ACTIVITY:
Return only those lines of the records below in which "step" appears.

(SOURCE DATA Opens)

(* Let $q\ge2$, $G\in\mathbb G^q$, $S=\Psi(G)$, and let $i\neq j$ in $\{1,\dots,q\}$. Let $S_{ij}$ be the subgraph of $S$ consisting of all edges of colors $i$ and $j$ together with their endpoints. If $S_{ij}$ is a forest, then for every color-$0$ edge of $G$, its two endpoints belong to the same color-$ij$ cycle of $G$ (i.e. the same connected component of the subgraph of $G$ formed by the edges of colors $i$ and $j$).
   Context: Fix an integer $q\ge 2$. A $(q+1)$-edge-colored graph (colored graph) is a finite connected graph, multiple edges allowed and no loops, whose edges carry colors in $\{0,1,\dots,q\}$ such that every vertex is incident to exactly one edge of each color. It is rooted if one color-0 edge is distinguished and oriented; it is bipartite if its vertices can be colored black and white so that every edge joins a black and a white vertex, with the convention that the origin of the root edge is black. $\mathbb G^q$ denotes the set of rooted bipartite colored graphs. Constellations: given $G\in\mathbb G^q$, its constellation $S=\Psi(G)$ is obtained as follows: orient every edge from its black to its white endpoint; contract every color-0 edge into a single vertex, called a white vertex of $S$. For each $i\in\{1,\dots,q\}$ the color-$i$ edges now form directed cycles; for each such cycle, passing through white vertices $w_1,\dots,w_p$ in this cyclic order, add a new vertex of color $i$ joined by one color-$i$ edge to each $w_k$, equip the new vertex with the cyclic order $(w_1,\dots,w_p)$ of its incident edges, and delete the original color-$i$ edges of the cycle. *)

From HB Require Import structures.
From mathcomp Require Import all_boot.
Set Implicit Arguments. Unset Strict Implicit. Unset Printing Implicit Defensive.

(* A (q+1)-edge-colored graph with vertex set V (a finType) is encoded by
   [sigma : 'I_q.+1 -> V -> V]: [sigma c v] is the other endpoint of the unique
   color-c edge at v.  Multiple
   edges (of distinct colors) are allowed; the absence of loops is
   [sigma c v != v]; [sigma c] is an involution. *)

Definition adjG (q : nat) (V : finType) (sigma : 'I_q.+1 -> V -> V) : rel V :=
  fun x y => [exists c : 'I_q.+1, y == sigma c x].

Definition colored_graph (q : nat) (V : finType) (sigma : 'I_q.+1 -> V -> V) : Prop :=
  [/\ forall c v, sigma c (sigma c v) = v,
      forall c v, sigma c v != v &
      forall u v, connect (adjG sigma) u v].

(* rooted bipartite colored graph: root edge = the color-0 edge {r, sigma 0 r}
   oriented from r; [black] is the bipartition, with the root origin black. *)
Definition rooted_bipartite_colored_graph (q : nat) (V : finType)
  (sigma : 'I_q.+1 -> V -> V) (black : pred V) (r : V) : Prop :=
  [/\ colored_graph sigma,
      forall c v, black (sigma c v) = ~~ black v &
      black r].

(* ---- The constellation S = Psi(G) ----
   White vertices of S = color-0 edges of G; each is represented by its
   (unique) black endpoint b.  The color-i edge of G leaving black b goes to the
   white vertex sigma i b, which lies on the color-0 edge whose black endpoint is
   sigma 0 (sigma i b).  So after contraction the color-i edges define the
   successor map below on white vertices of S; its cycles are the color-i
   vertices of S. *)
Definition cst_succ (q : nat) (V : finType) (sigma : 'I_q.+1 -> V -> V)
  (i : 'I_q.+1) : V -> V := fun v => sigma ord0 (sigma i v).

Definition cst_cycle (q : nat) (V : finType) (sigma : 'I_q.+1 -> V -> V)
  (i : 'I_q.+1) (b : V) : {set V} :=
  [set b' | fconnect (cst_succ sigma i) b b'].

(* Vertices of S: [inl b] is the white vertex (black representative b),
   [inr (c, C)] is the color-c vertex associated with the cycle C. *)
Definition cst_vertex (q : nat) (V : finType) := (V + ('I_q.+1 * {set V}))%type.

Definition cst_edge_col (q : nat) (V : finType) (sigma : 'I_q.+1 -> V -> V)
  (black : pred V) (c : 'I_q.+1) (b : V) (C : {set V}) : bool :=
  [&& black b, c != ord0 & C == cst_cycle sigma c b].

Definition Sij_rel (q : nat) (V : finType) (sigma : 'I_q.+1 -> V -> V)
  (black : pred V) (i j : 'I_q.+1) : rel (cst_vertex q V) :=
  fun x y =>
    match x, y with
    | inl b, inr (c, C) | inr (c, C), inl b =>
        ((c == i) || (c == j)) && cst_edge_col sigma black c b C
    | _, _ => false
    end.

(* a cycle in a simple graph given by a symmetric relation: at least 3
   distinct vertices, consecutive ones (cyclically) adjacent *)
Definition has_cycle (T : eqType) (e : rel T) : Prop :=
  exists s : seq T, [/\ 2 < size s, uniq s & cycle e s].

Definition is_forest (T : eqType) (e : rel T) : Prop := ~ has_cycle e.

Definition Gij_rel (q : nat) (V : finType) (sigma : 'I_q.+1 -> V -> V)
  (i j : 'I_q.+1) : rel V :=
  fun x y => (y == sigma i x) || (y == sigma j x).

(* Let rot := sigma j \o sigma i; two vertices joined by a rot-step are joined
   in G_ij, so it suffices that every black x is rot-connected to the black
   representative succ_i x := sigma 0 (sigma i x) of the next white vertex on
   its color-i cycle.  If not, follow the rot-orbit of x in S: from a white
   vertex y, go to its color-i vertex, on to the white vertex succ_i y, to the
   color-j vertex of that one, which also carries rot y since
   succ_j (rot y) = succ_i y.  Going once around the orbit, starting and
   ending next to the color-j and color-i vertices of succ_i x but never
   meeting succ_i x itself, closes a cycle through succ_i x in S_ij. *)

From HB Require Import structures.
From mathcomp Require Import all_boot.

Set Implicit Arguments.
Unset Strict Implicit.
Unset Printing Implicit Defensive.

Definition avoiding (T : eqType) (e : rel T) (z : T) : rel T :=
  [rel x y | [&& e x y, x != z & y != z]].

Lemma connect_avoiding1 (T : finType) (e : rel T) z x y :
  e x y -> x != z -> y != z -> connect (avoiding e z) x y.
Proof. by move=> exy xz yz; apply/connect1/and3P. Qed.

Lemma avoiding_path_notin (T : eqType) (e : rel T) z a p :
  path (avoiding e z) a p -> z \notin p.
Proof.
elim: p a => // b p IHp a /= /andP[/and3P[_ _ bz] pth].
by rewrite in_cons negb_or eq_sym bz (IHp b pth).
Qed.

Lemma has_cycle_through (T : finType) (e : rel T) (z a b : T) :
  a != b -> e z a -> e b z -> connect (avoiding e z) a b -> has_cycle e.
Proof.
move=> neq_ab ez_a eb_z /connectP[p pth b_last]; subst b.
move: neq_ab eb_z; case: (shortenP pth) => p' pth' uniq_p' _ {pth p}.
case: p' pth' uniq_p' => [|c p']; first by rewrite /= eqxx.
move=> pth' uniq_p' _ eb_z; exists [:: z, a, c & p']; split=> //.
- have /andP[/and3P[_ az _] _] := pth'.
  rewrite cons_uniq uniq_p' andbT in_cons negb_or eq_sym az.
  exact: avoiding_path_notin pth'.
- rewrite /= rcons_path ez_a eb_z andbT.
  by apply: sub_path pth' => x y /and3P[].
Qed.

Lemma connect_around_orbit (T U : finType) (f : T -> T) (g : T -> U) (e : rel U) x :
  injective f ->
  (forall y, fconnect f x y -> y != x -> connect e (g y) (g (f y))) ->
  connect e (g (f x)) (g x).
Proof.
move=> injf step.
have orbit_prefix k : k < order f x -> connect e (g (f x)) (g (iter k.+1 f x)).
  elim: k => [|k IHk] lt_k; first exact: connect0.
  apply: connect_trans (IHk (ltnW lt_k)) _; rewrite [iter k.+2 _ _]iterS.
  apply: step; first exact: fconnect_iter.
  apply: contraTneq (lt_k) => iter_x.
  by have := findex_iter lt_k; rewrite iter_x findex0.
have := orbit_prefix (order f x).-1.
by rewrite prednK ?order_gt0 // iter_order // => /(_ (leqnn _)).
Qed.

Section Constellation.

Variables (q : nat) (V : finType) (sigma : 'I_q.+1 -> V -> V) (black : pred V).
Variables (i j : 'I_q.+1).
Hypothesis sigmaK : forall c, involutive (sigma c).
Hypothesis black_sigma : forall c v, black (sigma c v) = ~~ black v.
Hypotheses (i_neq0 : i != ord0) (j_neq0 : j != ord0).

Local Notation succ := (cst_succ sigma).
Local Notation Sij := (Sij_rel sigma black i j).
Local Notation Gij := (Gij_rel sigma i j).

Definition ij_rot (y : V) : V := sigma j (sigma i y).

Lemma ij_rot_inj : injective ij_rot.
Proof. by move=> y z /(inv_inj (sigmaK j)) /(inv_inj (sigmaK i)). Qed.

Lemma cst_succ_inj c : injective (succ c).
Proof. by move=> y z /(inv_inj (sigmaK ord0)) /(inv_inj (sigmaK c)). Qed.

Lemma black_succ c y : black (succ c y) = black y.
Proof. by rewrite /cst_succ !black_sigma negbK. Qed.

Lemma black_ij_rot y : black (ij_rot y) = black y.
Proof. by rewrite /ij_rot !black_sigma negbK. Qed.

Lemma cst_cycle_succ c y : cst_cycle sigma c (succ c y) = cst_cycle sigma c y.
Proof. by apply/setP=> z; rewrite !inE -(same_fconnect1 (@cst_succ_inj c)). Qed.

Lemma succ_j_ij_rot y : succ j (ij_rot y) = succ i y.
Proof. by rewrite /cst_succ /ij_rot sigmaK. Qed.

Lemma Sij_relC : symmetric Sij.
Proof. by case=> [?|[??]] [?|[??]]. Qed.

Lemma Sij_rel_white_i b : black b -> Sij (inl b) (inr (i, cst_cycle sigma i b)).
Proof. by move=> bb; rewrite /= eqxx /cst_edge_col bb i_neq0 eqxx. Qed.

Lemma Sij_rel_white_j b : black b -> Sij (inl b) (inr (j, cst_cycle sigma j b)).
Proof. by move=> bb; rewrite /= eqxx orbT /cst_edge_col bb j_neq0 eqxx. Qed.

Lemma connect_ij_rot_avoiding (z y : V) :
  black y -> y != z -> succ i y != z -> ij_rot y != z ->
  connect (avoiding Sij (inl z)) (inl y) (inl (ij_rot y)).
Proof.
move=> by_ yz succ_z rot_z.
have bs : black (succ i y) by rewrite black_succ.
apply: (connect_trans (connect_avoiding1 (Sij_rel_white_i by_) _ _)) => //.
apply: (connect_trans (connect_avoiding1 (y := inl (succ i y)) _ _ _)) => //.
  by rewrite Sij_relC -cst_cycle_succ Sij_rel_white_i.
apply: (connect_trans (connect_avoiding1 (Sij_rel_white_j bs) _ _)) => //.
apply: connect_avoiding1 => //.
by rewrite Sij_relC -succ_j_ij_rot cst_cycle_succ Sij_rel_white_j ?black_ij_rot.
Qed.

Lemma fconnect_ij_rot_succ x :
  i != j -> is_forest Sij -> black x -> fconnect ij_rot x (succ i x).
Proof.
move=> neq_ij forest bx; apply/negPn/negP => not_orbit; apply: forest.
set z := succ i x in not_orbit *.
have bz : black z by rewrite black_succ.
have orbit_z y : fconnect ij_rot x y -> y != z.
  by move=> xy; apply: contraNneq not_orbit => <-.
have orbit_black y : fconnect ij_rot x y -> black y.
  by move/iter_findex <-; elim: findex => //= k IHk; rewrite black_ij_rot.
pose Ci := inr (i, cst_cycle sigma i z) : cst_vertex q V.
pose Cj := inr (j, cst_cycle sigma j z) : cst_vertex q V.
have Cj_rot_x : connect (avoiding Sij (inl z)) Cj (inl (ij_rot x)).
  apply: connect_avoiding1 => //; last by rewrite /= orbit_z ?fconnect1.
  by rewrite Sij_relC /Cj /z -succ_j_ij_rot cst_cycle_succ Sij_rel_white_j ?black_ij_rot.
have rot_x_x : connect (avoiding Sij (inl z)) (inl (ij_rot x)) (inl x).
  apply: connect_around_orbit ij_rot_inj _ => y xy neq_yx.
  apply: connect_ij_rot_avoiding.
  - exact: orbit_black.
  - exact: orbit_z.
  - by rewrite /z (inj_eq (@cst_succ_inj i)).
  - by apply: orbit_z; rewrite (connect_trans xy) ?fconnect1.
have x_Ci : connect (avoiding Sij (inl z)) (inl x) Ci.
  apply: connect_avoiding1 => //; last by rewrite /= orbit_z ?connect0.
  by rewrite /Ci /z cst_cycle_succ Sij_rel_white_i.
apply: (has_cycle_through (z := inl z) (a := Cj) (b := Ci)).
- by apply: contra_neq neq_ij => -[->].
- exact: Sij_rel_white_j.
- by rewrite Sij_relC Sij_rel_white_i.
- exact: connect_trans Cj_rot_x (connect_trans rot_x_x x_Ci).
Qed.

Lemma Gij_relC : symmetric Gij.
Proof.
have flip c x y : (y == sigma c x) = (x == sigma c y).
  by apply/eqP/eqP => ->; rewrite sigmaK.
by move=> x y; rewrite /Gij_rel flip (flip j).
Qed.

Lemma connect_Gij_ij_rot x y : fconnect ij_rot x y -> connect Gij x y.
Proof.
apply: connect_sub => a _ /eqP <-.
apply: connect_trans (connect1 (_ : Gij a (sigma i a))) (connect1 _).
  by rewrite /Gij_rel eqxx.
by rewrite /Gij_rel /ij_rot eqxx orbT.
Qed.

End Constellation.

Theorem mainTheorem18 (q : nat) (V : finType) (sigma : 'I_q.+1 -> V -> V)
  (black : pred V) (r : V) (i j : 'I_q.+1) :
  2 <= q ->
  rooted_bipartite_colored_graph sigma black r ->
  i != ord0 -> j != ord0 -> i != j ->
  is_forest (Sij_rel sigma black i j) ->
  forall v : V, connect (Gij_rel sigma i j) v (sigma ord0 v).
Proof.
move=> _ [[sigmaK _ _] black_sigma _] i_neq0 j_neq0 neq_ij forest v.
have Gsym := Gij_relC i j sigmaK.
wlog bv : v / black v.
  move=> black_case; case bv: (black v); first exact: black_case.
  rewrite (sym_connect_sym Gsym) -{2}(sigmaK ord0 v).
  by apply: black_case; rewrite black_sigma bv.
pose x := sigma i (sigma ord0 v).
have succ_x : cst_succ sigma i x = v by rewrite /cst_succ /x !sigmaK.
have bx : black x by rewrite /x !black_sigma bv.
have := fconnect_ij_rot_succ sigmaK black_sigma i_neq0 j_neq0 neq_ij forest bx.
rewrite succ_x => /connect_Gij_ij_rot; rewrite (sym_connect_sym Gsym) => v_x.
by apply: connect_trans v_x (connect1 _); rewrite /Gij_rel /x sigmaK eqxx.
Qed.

(SOURCE DATA Closes)

WRITTEN REPLY:
(* Let rot := sigma j \o sigma i; two vertices joined by a rot-step are joined
move=> injf step.
  apply: step; first exact: fconnect_iter.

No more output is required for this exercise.